Friday, June 29, 2018

Health Is Wealth. Insurance is neither


If you are part of the 80% + of India’s population that does not have health insurance (and are therefore a blot on the GDP landscape), here is what it is:
1. You pay
2. You fall ill
3. You claim
4. They reject
5. You plead
6. They reject
7. You beg
8. They reimburse cost of toothpaste used, up to 60 days before and 90 days after hospitalisation
9. You renew
10. You fall ill….and so on.

If you don’t claim anything, they give you thank-you-for-not-pestering-us-so-we-can-watch-the-world-cup bonus.
 In April, I applied, after considerable research on options, to Cigna TTK.  My sophisticated reasoning was that a company that makes pressure cookers headed by an Iyengar who did not follow Ramanuja to Melkote must be the best at health insurance.  

In a moment of utter asininity – induced by a neighbour who was smoking pot and talking to the moon – I applied online.  Once you are done, you will get about 43 calls, between which you are allowed daily duties. 

The calls begin as follows:
“Are you so-and-so?”
“No, I am his labrador retriever.” Actually I did not say that (not quick-witted enough), but strongly recommend that you do. 
“For the sake of verification, can you provide your date of birth?”

This is ridiculous.  They call me and ask me to identify myself, when telephone etiquette since Alexander Graham Bell has been the reverse.  When I said this, they asked me how I was related to AG Bell, which of course warrants not an answer, but an education.  

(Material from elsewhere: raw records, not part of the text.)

(* For every complex Banach space $X$ with open unit ball $B$ and every $f\in A_u(B)$, $$Cl_B(f,0)=\bigcap_{Y}\widehat{f|_{B_Y}}\big(M_0(B_Y)\big),$$ where the intersection runs over all closed subspaces $Y\subset X$ with $\dim(X/Y)<\infty$, $B_Y$ denotes the open unit ball of $Y$, and $M_0(B_Y)$ is the fiber over $0$ of the spectrum of $A_u(B_Y)$.
   Context: For a Banach space $Z$ with open unit ball $B_Z$, $A_u(B_Z)$ is the uniform algebra of bounded holomorphic functions on $B_Z$ that are uniformly continuous; $M_0(B_Z)$ is the set of nonzero multiplicative linear functionals $\tau$ on $A_u(B_Z)$ with $\tau(z^* )=0$ for every $z^*\in Z^*$; $\hat g(\tau)=\tau(g)$ is the Gelfand transform. $Cl_{B}(f,0)$ is the set of all limits $\lim_\alpha f(x_\alpha)$ over nets $(x_\alpha)$ in $B$ converging weakly to $0$. *)

From mathcomp Require Import all_boot all_algebra.
From mathcomp Require Import complex.
From mathcomp Require Import all_classical all_reals all_analysis.

Set Implicit Arguments.
Unset Strict Implicit.
Unset Printing Implicit Defensive.

Import GRing.Theory Num.Theory.
Local Open Scope classical_set_scope.
Local Open Scope ring_scope.

Section Defs.
Variables (R : realType) (X : completeNormedModType R[i]).

Definition unit_ball : set X := [set x | `|x| < 1].

Definition is_subspace (Y : set X) : Prop :=
  Y 0 /\ forall (a : R[i]) (x y : X), Y x -> Y y -> Y (a *: x + y).

(* dim (X / Y) < oo : X = Y + span(v_0, ..., v_{n-1}) for finitely many v_i *)
Definition finite_codim (Y : set X) : Prop :=
  exists (n : nat) (v : 'I_n -> X), forall x : X,
    exists (y : X) (c : 'I_n -> R[i]), Y y /\ x = y + \sum_(i < n) c i *: v i.

Definition linear_on (Y : set X) (L : X -> R[i]) : Prop :=
  forall (a : R[i]) (x y : X), Y x -> Y y -> L (a *: x + y) = a * L x + L y.

(* L restricted to Y is a continuous linear functional on Y, i.e. L|_Y in Y^* *)
Definition dual_on (Y : set X) (L : X -> R[i]) : Prop :=
  linear_on Y L /\ exists M : R[i], forall h, Y h -> `|L h| <= M * `|h|.
Lemma Lin_ga_Pmap x : T (P x) = delta * Q (delta^-1 * T x).
Proof.
rewrite /Pmap; have z_Fq := Lin_ga_div_delta_Fq x; set z := delta^-1 * T x in z_Fq *.
have Tx : T x = delta * z by rewrite mulVKf.
rewrite Tx raddfD /= Lin_FqZ ?(k_Fq z_Fq).1 // Lin_comm ?ga_polyOver // Tx Lin_delta //.
by rewrite Lin_ga_horner_delta // /Qbar mulrDr; congr (_ + _); ring.
Qed.

Lemma Pmap_inj_coprime : injective P -> coprimep h (ga n a).
Proof.
move=> P_inj; apply/negPn/negP.
case/(Lin_common_kernel_nontrivial h_Fq ga_polyOver ga_dvd_Xn_sub1) => x x_neq0 [hx Tx].
have := P_inj x 0; rewrite /Pmap hx Tx !raddf0 => /(_ erefl) x0.
by rewrite x0 eqxx in x_neq0.
Qed.

Lemma Qbar_inj_of_Pmap_bij : bijective P -> {in Fq &, injective Q}.
Proof.
case=> P' PK P'K; apply/imset_injP; rewrite eqn_leq leq_imset_card /=.
apply/subset_leq_card/subsetP => w w_Fq.
have : delta * w \in [set T x | x in L] by rewrite Lin_ga_image imset_f.
case/imsetP => x _ Tx; apply/imsetP; exists (delta^-1 * T (P' x)).
  exact: Lin_ga_div_delta_Fq.
by apply: (mulfI delta_neq0); rewrite -Lin_ga_Pmap P'K Tx.
Qed.

Lemma Pmap_inj : coprimep h (ga n a) -> {in Fq &, injective Q} -> injective P.
Proof.
move=> coprime_h Q_inj x1 x2 Px12; have z_Fq := Lin_ga_div_delta_Fq.
have Tx12 : T x1 = T x2.
  have := congr1 T Px12; rewrite !Lin_ga_Pmap => /(mulfI delta_neq0).
  move=> /(Q_inj _ _ (z_Fq x1) (z_Fq x2)) /(congr1 (GRing.mul delta)).
  by rewrite !mulVKf.
move: Px12; rewrite /Pmap Tx12 => /addrI /(mulfI (k_Lin_ga x2).2) hx12.
apply/eqP; rewrite -subr_eq0; apply/eqP.
apply: (Lin_coprime_kernel h_Fq ga_polyOver coprime_h).
  by rewrite raddfB /= hx12 subrr.
by rewrite raddfB /= Tx12 subrr.
Qed.

Lemma Pmap_bijectiveP : bijective P <-> coprimep h (ga n a) /\ permutes_on Fq Q.
Proof.
split=> [P_bij | [coprime_h [_ Q_inj]]]; last exact/injF_bij/Pmap_inj.
split; first exact/Pmap_inj_coprime/bij_inj.
by split; [exact: Qbar_Fq | exact: Qbar_inj_of_Pmap_bij].
Qed.

Section Inverse.
Variables R H F : {poly L}.
Hypotheses (Q_inj : {in Fq &, injective Q})
  (R_Fq : {in Fq, forall z, R.[z] \in Fq /\ Q R.[z] = z}).

Local Notation P0 := (P0map q n a delta k R H F).

Lemma QbarK : {in Fq, forall z, R.[Q z] = z}.
Proof. by move=> z z_Fq; have [RQ_Fq QRQ] := R_Fq (Qbar_Fq z_Fq); apply: Q_inj. Qed.

Lemma P0map_PmapE x : P0 (P x) =
  F.[Q (delta^-1 * T x)] + (k.[T x])^-1 * Lin H f.[T x] + Lin (H * h) x.
Proof.
have [kT_Fq kT_neq0] := k_Lin_ga x.
rewrite /P0map Lin_ga_Pmap mulKf // QbarK ?Lin_ga_div_delta_Fq // mulVKf //.
by rewrite Fq_expq_sub2 // /Pmap raddfD /= Lin_FqZ // -Lin_mul // mulrDr mulKf // addrA.
Qed.

Lemma PmapK_Xn_sub1 : ('X^n - 1) %| (h * H - 1) ->
    ('X^q - 'X) %| (F - ((- (k ^+ (q - 2)) * (LinP H \Po f)) \Po (delta *: R))) ->
  cancel P P0.
Proof.
move=> /dvdpP[m hH] /horner_eq_mod_XqsubX F_mod x; rewrite P0map_PmapE.
have [kT_Fq kT_neq0] := k_Lin_ga x; have z_Fq := Lin_ga_div_delta_Fq x.
rewrite F_mod ?Qbar_Fq // horner_comp hornerZ QbarK // mulVKf //.
rewrite !hornerE horner_comp Fq_expq_sub2 // -[(LinP H).[_]]/(Lin H _) mulNr addNr add0r.
have -> : H * h = m * ('X^n - 1) + 1 by rewrite mulrC -hH subrK.
by rewrite LinD Lin_mul ?Xn_sub1_polyOver // Lin_Xn_sub1 raddf0 add0r Lin1.
Qed.

Lemma PmapK_ga : n%:R != 0 :> L -> ga n a %| (h * H - 1) ->
    ('X^q - 'X) %| (F - ((- (k ^+ (q - 2)) * (LinP H \Po f)
                          + (a * (1 - h.[a] * H.[a]) / n%:R) *: 'X) \Po (delta *: R))) ->
  cancel P P0.
Proof.
move=> n_neq0 /dvdpP[m hH] /horner_eq_mod_XqsubX F_mod x; rewrite P0map_PmapE.
have [kT_Fq kT_neq0] := k_Lin_ga x; have z_Fq := Lin_ga_div_delta_Fq x.
rewrite F_mod ?Qbar_Fq // horner_comp hornerZ QbarK // mulVKf //.
rewrite !hornerE horner_comp Fq_expq_sub2 // -[(LinP H).[_]]/(Lin H _).
have -> : H * h = m * ga n a + 1 by rewrite mulrC -hH subrK.
have m_a : m.[a] = a * (h.[a] * H.[a] - 1) / n%:R.
  have := congr1 (horner^~ a) hH; rewrite /= !hornerE horner_ga => ->.
  by field; rewrite n_neq0 a_neq0.
have Lm_Tx : Lin m (T x) = delta^-1 * T x * delta * m.[a].
  by rewrite -Lin_delta // mulVKf.
rewrite LinD Lin_mul ?ga_polyOver // Lm_Tx m_a Lin1.
by field; rewrite n_neq0 kT_neq0 delta_neq0.
Qed.

End Inverse.
End Pmap.
End Delta.
End LinearizedGa.
End FieldOfOrderQn.
End FrobeniusPower.

Theorem theorem3p9 (L : finFieldType) (p q e n : nat)
  (a delta : L) (f h k : {poly L}) :
  prime p -> p \in [pchar L] -> (0 < e)%N -> q = (p ^ e)%N ->
  (0 < n)%N -> #|L| = (q ^ n)%N ->
  a \in Fq q -> a ^+ n = 1 ->
  delta != 0 -> delta ^+ q = a * delta ->
  poly_over_Fq q h ->
  {in Fq q, forall x, k.[delta * x] \in Fq q /\ k.[delta * x] != 0} ->
  (bijective (Pmap q n a f h k) <->
     coprimep h (ga n a) /\ permutes_on (Fq q) (Qbar q n a delta f h k))
  /\
  (bijective (Pmap q n a f h k) ->
   forall R H F : {poly L},
     {in Fq q, forall x,
        R.[x] \in Fq q /\ Qbar q n a delta f h k R.[x] = x} ->
     poly_over_Fq q H ->
     (if (p %| n)%N then
        (size H <= n)%N /\ ('X^n - 1) %| (h * H - 1) /\
        ('X^q - 'X) %|
          (F - ((- (k ^+ (q - 2)) * (LinP q H \Po f)) \Po (delta *: R)))
      else
        (size H <= n.-1)%N /\ ga n a %| (h * H - 1) /\
        ('X^q - 'X) %|
          (F - ((- (k ^+ (q - 2)) * (LinP q H \Po f)
                 + (a * (1 - h.[a] * H.[a]) / n%:R) *: 'X) \Po (delta *: R)))) ->
     cancel (Pmap q n a f h k) (P0map q n a delta k R H F) /\
     cancel (P0map q n a delta k R H F) (Pmap q n a f h k)).
Proof.
move=> p_prime p_char e_gt0 qE n_gt0 cardL a_Fq a_expn delta_neq0 delta_expq hFq k_Fq.
have q_pchar : [pchar L].-nat q by rewrite qE pnatX (pnatE _ p_prime) p_char.
have q_gt1 : (1 < q)%N by rewrite qE -(expn0 p) ltn_exp2l ?prime_gt1.
have h_Fq := (poly_over_FqP q_pchar q_gt1 h).1 hFq.
have P_bijP := Pmap_bijectiveP q_pchar q_gt1 n_gt0 cardL a_Fq a_expn delta_neq0
  delta_expq f h_Fq k_Fq.
(* The degree bounds on H and H \in F_q[x] only make H unique. *)
split=> // P_bij R H F R_Fq _ F_spec.
have [_ [_ Q_inj]] := P_bijP.1 P_bij.
suff P0K : cancel (Pmap q n a f h k) (P0map q n a delta k R H F).
  by split; last exact/(bij_can_sym P_bij).
move: F_spec; case: ifP => [_ | p_ndvd_n] [_ [hH_dvd F_mod]].
  exact: (PmapK_Xn_sub1 q_pchar q_gt1 n_gt0 cardL a_Fq a_expn delta_neq0
    delta_expq h_Fq k_Fq Q_inj R_Fq).
apply: (PmapK_ga q_pchar q_gt1 n_gt0 cardL a_Fq a_expn delta_neq0
  delta_expq h_Fq k_Fq Q_inj R_Fq) => //.
by rewrite -(dvdn_pcharf p_char) p_ndvd_n.
Qed.
(* Let $H=(S_1,\dots,S_\ell)$ be a partial route. Then there exist $(\alpha,\beta)\in\mathcal{A}$ such that the projected scenario recourse inequality $$\sum_{v\in V_+:\,w_v>0}\phi_v(\alpha,\beta)\,\theta_v\ \ge\ \sum_{\xi\in[N]}\sum_{\emptyset\ne S\subseteq V_+}\alpha^\xi_S\,x(E(S))+\nu(\alpha,\beta)$$ dominates the inequality $\theta(V_+(H))\ge\mathcal{L}^*(H)\cdot W_{OF}(x;H)$, in the sense that for every $\bar x\in\mathcal{X}$, every $\theta\in\mathbb{R}^{V_+}_{\ge0}$ satisfying the projected inequality at $x=\bar x$ satisfies $\theta(V_+(H))\ge\mathcal{L}^*(H)\,W_{OF}(\bar x;H)$. In particular, $\theta(V_+(H))\ge\mathcal{L}^*(H)\,W_{OF}(x;H)$ is valid for $\mathcal{P}$.
   Context: $G=(V,E)$ complete undirected graph, $V=\{0\}\cup V_+$ ($V_+$ customers); capacity $C>0$; scenarios $\xi\in[N]$ with demands $d^\xi\in\mathbb{Q}^{V_+}_{\ge0}$ ($d^\xi(v)\le C$) and probabilities $p_\xi\ge0$, $\sum_\xi p_\xi=1$. $f(S)=\sum_{i\in S}f(i)$; $k_\xi(S)=\lceil d^\xi(S)/C\rceil$; $\bar d=\sum_\xi p_\xi d^\xi$. $E(S)$: edges with both ends in $S$; $E(S,T)$: edges with one end in $S$ and one in $T$; $\delta(S)$: edges with exactly one end in $S$. $\mathcal{X}$ is one of $\mathcal{X}_{\mathrm{sub}}=\{x\in[0,2]^E: x(\delta(v))=2\ \forall v\in V_+,\ x(E(S))\le|S|-1\ \forall\emptyset\ne S\subseteq V_+\}$ or $\mathcal{X}_{\mathrm{cvrp}}=\mathcal{X}_{\mathrm{sub}}\cap\{x:x(\delta(0))=2k,\ x(E(S))\le|S|-\lceil\bar d(S)/C\rceil\}$. Fixed $w\in\mathbb{Q}^{V_+}_{\ge0}$, $b\in\mathbb{Z}^{V_+}_{\ge0}$ such that for every route $R$ the set $\Pi(R)\cap[\mathbf 0,b]^N$ is nonempty, where $\Pi(R)$ is the set of integer $y\ge0$ in $\mathbb{R}^{[N]\times V_+}$ such that for each $\xi$ and route $R=(v_1,\dots,v_\ell)$ (with $v_0=v_{\ell+1}=0$) there exist $f_{(v_{i-1},v_i)}\in[0,C]$ and $g_{v_i}\ge0$ with $f_{(v_{i-1},v_i)}+d^\xi(v_i)=f_{(v_i,v_{i+1})}+g_{v_i}$ and $g_{v_i}\le Cy^\xi_{v_i}$; $[\mathbf 0,b]^N=\{y:0\le y^\xi_v\le b_v\}$. A partial route $H=(S_1,\dots,S_\ell)$ is a tuple of pairwise disjoint nonempty customer sets with no index $i$ such that both $S_i$ and $S_{i+1}$ are non-singletons; $V_+(H)=\bigcup_iS_i$; $H'\subseteq H$ means $H'=(S_i,\dots,S_j)$ with $1\le i\le j\le\ell$. $x(H)=\sum_{i\in[\ell]}x(E(S_i))+\sum_{i\in[\ell-1]}x(E(S_i,S_{i+1}))$ and $W_{OF}(x;H)=1+(x(H)-|V_+(H)|+1)+\sum_{i\in\{2,\ell-1\}\cap[\ell]}(x(E(S_i))-|S_i|+1)$. For each $\xi$, $\mathcal{L}^*_\xi(H)=\min\{\sum_{v\in V_+(H)}w_vy_v:\ y(V_+(H'))\ge k_\xi(V_+(H'))-1\ \forall H'\subseteq H,\ y_v\le b_v\ \forall v\in V_+,\ y\ge0\}$, and $\mathcal{L}^*(H)=\sum_\xi p_\xi\mathcal{L}^*_\xi(H)$. Multipliers $\alpha=(\alpha^\xi_S)_{\xi,\emptyset\ne S\subseteq V_+}$, $\beta=(\beta^\xi_v)$; $\nu(\alpha,\beta)=\sum_\xi\sum_S\alpha^\xi_S(k_\xi(S)-|S|)+\sum_\xi\sum_v\beta^\xi_vb_v$; for $w_v>0$, $\phi_v(\alpha,\beta)=\big(\max_{\xi}\frac{\beta^\xi_v+\sum_{S\ni v}\alpha^\xi_S}{p_\xi w_v}\big)^+$ (where $(a)^+=\max\{a,0\}$). $\mathcal{A}$: set of $(\alpha,\beta)$ with $\alpha\ge0$, $\beta\le0$, and $\beta^\xi_v+\sum_{S\ni v}\alpha^\xi_S\le0$ for all $\xi$ and all $v$ with $w_v=0$. $\mathcal{P}$ is the set of $(x,\theta)$ with $x\in\mathcal{X}$ such that there exists $y\in[\mathbf 0,b]^N$ with $y^\xi(S)\ge k_\xi(S)+x(E(S))-|S|$ for all $\emptyset\ne S\subseteq V_+$, $\xi$, and $\theta\ge0$, $\theta_v\ge\sum_\xi p_\xi w_vy^\xi_v$ for all $v$. *)

From HB Require Import structures.
From mathcomp Require Import all_boot all_order all_algebra.
From mathcomp Require Import reals.
Set Implicit Arguments. Unset Strict Implicit. Unset Printing Implicit Defensive.
Import Order.TTheory GRing.Theory Num.Theory.
Local Open Scope ring_scope.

Next they need everything, and by that I mean anything.  Actually everything that is anything (or the other way around).  If there was a pimple on the dimple of your baby bottom, that is vital information.  And they always end with, “You have been speaking to Rajesh Khanna,” as if the said R Khanna is a neurosurgeon in disguise, adding to his income by toiling in a call centre.  

I fetched up for tests at a diagnostic clinic in Koramangala where the only technology in evidence, other than the syringe, was an ECG machine (honest, I mean this.  Ok, I also saw a desktop).  The ECG machine, judging by the stains, had been used in its free time to remove bits of intestines and to lay roads in Defence Colony (this is a joke by the way.  There are no roads in Defence Colony, only wide jungle trails.)

The young doc who examined me had both his eyes on the pretty nurse and his fingers on my pulse (the other way around would have caused him trouble on social media: “Doctor assaults nurse in presence of legendary writer”).  He asked me if I had something called a hernia and I smiled and said, No, I have always been a Honda buff and have a City.  He then stared at me, which was the only time he took his eyes away from the nurse, and shook his head questioningly and I shook mine in response; no doubt he was checking if the ball bearings around the skull base were well oiled.  
And when he told me that the heart was pumping along satisfactorily, I told him that his wasn’t at the moment.
(No, actually, I didn’t.  I am lying again).

And then he said that I was done.
I agreed with him on this.  
As I really was done, I cancelled the policy.